● Directions: Reproduce only the lines of the material below that start at the line containing "(plug_t C0 t) u" and stop at the line containing "move=> c_gt0 r_gt0 [sum_l sum_u asc desc] l0.". Keep both end lines.

+ + + +

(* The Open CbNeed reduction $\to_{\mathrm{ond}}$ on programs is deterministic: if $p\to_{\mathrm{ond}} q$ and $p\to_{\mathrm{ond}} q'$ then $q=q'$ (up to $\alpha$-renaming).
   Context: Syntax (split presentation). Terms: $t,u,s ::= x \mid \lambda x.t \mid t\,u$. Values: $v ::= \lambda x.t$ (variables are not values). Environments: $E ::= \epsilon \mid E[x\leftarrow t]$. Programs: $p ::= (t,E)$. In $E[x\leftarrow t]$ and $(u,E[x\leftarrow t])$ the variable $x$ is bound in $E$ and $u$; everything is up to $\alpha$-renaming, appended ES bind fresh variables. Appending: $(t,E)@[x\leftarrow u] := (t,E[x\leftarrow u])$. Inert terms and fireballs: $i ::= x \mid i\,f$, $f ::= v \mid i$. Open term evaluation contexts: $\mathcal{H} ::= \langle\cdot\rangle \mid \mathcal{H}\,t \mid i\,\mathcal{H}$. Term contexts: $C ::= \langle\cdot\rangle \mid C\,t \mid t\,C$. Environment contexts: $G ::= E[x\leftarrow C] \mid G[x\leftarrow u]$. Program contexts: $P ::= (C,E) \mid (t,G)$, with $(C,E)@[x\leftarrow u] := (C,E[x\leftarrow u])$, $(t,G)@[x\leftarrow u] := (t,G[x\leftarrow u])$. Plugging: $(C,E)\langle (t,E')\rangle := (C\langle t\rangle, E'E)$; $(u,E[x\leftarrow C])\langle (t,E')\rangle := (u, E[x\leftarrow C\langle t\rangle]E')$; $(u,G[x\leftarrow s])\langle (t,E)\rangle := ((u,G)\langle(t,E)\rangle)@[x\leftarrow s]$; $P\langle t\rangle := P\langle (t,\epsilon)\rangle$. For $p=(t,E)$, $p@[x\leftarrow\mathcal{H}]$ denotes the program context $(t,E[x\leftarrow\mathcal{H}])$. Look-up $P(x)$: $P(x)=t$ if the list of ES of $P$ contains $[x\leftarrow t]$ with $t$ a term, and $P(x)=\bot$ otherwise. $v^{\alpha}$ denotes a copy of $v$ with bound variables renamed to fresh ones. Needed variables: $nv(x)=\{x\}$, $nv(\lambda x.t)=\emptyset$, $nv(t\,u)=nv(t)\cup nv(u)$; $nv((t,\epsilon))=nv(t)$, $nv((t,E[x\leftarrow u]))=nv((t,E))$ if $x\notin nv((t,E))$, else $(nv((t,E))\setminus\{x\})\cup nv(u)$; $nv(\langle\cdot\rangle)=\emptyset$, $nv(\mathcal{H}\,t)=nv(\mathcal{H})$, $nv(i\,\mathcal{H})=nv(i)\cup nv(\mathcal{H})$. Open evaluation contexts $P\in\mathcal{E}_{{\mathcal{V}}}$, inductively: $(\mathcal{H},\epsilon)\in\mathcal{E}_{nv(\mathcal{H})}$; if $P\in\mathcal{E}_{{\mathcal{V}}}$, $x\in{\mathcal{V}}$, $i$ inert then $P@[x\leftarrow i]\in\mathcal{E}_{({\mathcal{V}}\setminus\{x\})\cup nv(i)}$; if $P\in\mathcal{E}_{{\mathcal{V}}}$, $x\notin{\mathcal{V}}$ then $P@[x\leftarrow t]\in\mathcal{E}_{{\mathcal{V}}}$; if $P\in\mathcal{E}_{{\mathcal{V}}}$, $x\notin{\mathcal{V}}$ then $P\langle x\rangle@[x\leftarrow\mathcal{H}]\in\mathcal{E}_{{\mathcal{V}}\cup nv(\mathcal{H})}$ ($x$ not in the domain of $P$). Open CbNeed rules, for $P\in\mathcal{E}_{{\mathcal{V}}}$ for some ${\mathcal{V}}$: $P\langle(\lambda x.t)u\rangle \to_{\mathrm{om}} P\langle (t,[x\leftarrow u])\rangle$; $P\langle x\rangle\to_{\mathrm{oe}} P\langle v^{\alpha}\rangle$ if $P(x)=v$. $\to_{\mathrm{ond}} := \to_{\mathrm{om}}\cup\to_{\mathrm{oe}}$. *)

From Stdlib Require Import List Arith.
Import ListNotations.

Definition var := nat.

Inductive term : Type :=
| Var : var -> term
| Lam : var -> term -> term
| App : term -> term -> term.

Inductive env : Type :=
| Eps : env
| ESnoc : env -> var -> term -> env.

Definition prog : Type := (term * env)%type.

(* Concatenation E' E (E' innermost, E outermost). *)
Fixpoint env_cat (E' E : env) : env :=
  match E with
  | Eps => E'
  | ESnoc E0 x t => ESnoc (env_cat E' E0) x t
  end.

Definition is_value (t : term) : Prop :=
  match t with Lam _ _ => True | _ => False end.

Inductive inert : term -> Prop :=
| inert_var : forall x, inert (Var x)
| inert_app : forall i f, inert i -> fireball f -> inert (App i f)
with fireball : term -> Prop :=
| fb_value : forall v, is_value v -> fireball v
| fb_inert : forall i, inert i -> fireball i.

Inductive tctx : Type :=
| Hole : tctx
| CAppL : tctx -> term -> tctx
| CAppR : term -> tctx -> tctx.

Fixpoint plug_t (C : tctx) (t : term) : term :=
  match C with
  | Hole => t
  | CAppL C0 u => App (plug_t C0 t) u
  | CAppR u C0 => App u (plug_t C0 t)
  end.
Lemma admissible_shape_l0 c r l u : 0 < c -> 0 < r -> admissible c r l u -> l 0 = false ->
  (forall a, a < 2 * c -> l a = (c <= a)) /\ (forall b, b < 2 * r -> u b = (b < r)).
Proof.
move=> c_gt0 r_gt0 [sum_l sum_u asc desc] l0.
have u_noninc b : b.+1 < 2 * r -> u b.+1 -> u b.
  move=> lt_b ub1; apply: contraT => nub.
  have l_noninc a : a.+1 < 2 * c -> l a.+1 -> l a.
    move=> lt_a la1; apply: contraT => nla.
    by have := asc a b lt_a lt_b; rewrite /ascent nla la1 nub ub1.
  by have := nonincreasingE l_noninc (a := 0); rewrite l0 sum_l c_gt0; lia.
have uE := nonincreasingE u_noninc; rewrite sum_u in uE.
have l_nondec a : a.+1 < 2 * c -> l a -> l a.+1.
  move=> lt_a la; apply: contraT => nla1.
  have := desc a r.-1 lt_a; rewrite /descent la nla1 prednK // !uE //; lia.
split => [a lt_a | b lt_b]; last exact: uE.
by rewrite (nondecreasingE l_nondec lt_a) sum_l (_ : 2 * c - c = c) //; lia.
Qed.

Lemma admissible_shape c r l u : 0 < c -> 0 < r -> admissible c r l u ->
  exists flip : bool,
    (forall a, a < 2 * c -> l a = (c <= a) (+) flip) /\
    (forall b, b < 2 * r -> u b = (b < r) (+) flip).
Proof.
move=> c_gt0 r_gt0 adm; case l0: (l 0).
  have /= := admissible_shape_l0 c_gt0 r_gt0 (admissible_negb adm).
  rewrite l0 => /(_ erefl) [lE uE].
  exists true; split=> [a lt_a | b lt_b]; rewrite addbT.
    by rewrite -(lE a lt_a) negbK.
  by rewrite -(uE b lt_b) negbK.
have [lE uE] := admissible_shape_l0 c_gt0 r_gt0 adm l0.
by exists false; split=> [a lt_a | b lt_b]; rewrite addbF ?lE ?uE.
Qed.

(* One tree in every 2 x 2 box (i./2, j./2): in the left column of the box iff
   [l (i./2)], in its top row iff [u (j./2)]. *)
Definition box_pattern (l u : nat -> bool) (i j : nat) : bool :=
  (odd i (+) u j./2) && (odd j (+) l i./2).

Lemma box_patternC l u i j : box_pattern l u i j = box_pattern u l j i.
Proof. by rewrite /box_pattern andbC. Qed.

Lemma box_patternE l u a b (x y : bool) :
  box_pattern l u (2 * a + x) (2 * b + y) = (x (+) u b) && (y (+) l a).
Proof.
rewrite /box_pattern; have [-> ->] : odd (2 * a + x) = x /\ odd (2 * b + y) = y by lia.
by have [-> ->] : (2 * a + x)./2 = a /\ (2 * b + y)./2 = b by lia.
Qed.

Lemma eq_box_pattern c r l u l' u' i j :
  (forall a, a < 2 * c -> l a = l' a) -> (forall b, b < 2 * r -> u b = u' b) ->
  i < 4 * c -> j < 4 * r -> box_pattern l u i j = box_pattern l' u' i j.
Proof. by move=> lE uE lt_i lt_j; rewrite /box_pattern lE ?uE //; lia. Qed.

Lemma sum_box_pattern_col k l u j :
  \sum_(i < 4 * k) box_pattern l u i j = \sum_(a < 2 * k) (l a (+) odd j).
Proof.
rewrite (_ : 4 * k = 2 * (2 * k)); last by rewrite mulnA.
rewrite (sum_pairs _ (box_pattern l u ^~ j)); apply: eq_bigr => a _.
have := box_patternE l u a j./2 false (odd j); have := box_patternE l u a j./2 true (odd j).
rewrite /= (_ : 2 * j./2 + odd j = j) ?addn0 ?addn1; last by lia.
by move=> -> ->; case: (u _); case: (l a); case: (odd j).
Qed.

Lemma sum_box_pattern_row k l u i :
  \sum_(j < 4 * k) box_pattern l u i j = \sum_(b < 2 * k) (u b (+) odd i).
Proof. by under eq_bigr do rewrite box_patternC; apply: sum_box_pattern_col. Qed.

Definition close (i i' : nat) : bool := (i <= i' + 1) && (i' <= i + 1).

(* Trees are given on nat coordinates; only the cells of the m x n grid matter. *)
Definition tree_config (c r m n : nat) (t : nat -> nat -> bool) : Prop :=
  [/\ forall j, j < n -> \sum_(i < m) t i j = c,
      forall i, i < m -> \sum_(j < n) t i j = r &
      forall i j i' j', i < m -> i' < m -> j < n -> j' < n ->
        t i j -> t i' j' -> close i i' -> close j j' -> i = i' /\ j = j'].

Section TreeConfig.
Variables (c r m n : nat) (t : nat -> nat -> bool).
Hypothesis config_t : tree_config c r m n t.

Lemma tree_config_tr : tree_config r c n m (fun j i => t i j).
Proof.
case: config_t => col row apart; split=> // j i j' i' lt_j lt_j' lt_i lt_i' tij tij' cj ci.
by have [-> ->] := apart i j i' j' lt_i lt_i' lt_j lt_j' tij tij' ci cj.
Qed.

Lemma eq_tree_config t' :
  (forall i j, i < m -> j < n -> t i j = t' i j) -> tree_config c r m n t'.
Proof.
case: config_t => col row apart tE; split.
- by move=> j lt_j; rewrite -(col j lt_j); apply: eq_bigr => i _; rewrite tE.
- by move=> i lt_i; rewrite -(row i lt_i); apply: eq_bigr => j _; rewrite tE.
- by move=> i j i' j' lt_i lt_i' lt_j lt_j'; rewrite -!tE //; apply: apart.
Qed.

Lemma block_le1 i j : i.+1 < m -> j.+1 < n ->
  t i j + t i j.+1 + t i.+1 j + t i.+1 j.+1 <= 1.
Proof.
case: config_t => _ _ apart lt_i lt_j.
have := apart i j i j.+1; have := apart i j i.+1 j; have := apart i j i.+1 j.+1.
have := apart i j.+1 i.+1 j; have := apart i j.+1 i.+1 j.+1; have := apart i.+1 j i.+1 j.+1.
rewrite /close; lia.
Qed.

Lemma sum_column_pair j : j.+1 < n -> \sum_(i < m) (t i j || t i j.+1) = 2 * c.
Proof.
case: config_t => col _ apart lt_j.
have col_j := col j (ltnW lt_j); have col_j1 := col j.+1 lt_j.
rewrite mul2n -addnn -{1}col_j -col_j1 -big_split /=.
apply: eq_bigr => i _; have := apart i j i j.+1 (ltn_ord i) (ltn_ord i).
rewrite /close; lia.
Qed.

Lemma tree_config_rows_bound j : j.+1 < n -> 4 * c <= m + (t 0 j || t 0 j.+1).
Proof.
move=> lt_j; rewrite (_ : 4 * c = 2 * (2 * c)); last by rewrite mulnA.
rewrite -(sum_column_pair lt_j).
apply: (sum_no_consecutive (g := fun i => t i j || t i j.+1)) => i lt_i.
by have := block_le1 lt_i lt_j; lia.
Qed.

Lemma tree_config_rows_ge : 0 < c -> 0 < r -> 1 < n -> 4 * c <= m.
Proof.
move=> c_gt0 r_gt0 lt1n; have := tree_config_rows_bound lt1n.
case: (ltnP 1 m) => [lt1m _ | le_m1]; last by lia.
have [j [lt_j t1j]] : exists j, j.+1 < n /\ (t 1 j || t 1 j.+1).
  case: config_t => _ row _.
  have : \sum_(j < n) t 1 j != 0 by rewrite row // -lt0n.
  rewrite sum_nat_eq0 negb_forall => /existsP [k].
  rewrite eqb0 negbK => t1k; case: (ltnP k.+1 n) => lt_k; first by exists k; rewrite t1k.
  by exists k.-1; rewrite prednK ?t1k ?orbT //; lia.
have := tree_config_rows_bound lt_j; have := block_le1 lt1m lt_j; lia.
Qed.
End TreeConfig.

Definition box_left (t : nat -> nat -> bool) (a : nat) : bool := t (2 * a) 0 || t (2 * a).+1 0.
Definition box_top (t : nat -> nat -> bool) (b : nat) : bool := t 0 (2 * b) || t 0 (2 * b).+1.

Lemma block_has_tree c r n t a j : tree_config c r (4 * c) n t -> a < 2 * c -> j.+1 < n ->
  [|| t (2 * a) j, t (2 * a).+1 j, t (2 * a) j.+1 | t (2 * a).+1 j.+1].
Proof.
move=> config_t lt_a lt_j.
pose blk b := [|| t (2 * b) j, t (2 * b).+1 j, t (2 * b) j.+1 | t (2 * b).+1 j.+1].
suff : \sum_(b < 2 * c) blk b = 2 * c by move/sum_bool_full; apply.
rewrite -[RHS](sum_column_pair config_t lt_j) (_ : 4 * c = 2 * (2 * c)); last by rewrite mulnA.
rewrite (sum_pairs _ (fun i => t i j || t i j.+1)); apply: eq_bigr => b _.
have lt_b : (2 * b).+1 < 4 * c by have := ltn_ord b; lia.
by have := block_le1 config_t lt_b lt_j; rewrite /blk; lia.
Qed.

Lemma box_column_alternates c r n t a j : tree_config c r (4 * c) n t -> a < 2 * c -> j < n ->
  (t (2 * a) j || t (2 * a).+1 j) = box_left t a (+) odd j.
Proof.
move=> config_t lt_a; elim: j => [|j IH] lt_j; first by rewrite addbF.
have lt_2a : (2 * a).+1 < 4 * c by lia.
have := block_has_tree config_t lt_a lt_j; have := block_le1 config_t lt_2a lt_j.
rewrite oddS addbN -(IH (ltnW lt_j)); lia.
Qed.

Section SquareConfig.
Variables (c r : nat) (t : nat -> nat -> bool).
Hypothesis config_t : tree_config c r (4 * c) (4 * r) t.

+ + + +

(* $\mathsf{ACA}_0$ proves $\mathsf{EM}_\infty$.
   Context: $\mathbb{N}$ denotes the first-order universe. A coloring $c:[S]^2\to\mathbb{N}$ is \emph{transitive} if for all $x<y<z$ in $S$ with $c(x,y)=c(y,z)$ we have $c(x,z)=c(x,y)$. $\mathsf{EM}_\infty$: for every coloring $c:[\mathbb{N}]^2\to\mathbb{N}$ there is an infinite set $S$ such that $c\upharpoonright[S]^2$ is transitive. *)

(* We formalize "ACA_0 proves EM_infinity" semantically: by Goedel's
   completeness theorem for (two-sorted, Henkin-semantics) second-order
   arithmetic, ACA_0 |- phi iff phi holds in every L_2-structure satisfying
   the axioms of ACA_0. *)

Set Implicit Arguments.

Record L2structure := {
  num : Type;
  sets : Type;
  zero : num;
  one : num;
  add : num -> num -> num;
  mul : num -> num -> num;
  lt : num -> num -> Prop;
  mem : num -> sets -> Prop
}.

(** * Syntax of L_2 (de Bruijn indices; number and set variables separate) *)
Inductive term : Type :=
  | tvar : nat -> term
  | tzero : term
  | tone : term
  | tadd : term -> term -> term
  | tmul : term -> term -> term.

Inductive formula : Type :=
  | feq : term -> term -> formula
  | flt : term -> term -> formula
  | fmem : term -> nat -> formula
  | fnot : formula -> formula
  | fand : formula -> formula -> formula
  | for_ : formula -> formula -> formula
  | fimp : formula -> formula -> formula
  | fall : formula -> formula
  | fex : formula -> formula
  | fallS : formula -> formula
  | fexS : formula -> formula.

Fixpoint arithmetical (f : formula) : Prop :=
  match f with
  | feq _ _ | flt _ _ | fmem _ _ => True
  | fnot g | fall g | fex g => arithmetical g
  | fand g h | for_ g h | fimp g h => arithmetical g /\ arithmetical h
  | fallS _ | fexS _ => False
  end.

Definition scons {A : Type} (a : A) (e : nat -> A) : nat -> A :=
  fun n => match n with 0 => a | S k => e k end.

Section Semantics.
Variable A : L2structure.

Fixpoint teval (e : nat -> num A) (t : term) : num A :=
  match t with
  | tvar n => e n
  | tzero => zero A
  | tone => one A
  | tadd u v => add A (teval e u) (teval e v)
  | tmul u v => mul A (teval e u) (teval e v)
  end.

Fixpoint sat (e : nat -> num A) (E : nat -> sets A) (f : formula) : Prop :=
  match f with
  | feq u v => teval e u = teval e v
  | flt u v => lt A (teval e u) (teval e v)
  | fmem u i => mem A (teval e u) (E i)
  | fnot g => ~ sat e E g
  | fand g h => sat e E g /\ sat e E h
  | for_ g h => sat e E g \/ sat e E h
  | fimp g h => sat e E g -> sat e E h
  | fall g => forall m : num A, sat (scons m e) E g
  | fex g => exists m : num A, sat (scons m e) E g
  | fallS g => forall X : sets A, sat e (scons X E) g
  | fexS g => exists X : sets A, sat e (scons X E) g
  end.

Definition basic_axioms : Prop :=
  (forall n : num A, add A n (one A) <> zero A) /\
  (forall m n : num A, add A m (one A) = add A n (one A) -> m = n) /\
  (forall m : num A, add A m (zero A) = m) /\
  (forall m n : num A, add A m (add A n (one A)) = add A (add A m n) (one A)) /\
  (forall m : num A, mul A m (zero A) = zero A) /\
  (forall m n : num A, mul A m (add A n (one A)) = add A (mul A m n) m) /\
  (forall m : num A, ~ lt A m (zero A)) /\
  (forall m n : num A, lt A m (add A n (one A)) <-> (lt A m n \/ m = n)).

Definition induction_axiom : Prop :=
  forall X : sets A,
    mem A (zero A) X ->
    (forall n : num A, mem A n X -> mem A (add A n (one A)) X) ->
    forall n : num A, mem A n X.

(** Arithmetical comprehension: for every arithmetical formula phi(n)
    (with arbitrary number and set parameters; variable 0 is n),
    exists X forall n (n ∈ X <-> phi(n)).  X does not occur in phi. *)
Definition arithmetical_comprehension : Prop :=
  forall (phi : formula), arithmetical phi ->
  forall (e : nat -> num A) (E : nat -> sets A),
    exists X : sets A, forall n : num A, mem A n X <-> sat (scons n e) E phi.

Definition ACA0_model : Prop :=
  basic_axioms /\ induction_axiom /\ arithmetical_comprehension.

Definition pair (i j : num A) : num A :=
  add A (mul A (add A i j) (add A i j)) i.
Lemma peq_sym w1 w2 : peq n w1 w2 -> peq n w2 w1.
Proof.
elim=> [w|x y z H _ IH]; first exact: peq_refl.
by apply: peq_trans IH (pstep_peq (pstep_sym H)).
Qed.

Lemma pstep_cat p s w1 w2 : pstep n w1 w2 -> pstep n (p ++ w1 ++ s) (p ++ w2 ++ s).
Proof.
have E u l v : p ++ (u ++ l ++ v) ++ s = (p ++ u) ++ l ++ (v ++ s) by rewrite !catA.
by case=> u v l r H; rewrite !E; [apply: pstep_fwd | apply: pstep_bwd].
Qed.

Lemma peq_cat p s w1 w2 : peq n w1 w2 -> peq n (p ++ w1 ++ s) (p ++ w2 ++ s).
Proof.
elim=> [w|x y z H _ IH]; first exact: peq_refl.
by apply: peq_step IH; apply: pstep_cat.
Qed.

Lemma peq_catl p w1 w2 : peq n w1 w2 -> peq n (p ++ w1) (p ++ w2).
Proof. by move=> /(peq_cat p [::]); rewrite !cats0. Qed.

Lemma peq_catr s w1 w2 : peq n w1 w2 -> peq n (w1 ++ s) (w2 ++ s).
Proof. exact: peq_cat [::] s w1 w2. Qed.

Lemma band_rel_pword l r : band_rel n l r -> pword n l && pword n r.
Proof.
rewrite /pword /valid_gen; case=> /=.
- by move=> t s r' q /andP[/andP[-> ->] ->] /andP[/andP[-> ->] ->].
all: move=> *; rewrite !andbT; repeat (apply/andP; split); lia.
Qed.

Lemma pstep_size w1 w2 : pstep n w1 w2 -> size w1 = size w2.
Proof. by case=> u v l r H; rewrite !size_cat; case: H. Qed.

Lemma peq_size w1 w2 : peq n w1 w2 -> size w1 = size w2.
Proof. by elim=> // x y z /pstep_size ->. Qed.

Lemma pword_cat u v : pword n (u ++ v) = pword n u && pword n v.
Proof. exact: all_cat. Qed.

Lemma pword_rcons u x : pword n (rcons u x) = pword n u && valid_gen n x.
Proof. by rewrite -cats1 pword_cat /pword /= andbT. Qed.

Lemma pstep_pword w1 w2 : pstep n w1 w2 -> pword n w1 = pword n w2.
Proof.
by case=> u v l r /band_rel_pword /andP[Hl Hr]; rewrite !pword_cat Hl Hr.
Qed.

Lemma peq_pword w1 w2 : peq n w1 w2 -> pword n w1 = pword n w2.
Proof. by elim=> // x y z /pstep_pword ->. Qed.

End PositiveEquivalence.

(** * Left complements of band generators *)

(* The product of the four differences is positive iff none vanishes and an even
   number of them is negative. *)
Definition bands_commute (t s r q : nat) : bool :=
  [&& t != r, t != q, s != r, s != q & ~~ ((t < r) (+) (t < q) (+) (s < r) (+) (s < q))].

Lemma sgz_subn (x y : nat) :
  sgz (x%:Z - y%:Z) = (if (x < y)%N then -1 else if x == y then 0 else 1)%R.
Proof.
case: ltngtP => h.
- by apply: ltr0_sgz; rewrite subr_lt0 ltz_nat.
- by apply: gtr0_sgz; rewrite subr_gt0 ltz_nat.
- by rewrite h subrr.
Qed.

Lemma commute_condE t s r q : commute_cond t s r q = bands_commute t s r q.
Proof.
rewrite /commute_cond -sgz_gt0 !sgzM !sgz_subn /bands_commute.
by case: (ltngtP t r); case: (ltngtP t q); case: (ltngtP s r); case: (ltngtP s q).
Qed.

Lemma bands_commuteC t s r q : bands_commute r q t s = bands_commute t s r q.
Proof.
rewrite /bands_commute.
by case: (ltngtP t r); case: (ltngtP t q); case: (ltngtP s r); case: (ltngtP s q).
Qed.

+ + + +

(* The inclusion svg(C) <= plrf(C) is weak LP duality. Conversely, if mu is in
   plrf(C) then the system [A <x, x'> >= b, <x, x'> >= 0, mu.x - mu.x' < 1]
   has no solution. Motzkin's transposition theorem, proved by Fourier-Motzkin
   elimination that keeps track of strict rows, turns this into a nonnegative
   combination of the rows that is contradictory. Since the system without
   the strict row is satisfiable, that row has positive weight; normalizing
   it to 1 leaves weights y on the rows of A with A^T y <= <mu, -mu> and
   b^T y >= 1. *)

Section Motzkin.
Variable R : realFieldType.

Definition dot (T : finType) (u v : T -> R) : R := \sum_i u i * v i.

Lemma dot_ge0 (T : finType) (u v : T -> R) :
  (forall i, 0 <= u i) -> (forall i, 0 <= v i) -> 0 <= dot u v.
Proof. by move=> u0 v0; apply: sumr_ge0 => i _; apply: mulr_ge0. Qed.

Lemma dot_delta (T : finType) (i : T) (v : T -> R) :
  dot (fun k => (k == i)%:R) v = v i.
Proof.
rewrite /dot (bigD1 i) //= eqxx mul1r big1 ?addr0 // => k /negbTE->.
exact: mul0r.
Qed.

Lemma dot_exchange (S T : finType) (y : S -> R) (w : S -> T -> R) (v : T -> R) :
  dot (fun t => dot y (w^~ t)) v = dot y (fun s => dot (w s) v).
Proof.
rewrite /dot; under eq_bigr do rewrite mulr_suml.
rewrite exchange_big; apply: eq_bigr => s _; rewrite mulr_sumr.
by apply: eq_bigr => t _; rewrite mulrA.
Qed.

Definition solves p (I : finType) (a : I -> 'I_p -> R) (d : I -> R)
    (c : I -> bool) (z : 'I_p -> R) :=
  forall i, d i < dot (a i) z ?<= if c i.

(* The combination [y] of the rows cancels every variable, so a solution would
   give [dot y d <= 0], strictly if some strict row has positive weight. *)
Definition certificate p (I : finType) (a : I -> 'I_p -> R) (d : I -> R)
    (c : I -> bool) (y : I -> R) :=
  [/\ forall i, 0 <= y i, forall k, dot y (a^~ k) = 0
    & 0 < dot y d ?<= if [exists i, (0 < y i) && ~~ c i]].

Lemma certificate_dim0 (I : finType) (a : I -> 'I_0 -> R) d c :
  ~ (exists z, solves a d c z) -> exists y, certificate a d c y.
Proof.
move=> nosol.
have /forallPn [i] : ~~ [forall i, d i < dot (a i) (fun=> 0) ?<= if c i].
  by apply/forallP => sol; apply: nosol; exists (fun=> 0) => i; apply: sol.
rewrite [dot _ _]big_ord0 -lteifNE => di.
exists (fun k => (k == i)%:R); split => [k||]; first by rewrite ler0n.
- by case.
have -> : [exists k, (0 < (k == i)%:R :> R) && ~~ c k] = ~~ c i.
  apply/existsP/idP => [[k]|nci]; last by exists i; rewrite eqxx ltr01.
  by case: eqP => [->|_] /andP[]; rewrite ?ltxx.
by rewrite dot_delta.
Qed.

+ + + +

● Answer:
  | CAppL C0 u => App (plug_t C0 t) u
  | CAppR u C0 => App u (plug_t C0 t)
  end.
Lemma admissible_shape_l0 c r l u : 0 < c -> 0 < r -> admissible c r l u -> l 0 = false ->
  (forall a, a < 2 * c -> l a = (c <= a)) /\ (forall b, b < 2 * r -> u b = (b < r)).
Proof.
move=> c_gt0 r_gt0 [sum_l sum_u asc desc] l0.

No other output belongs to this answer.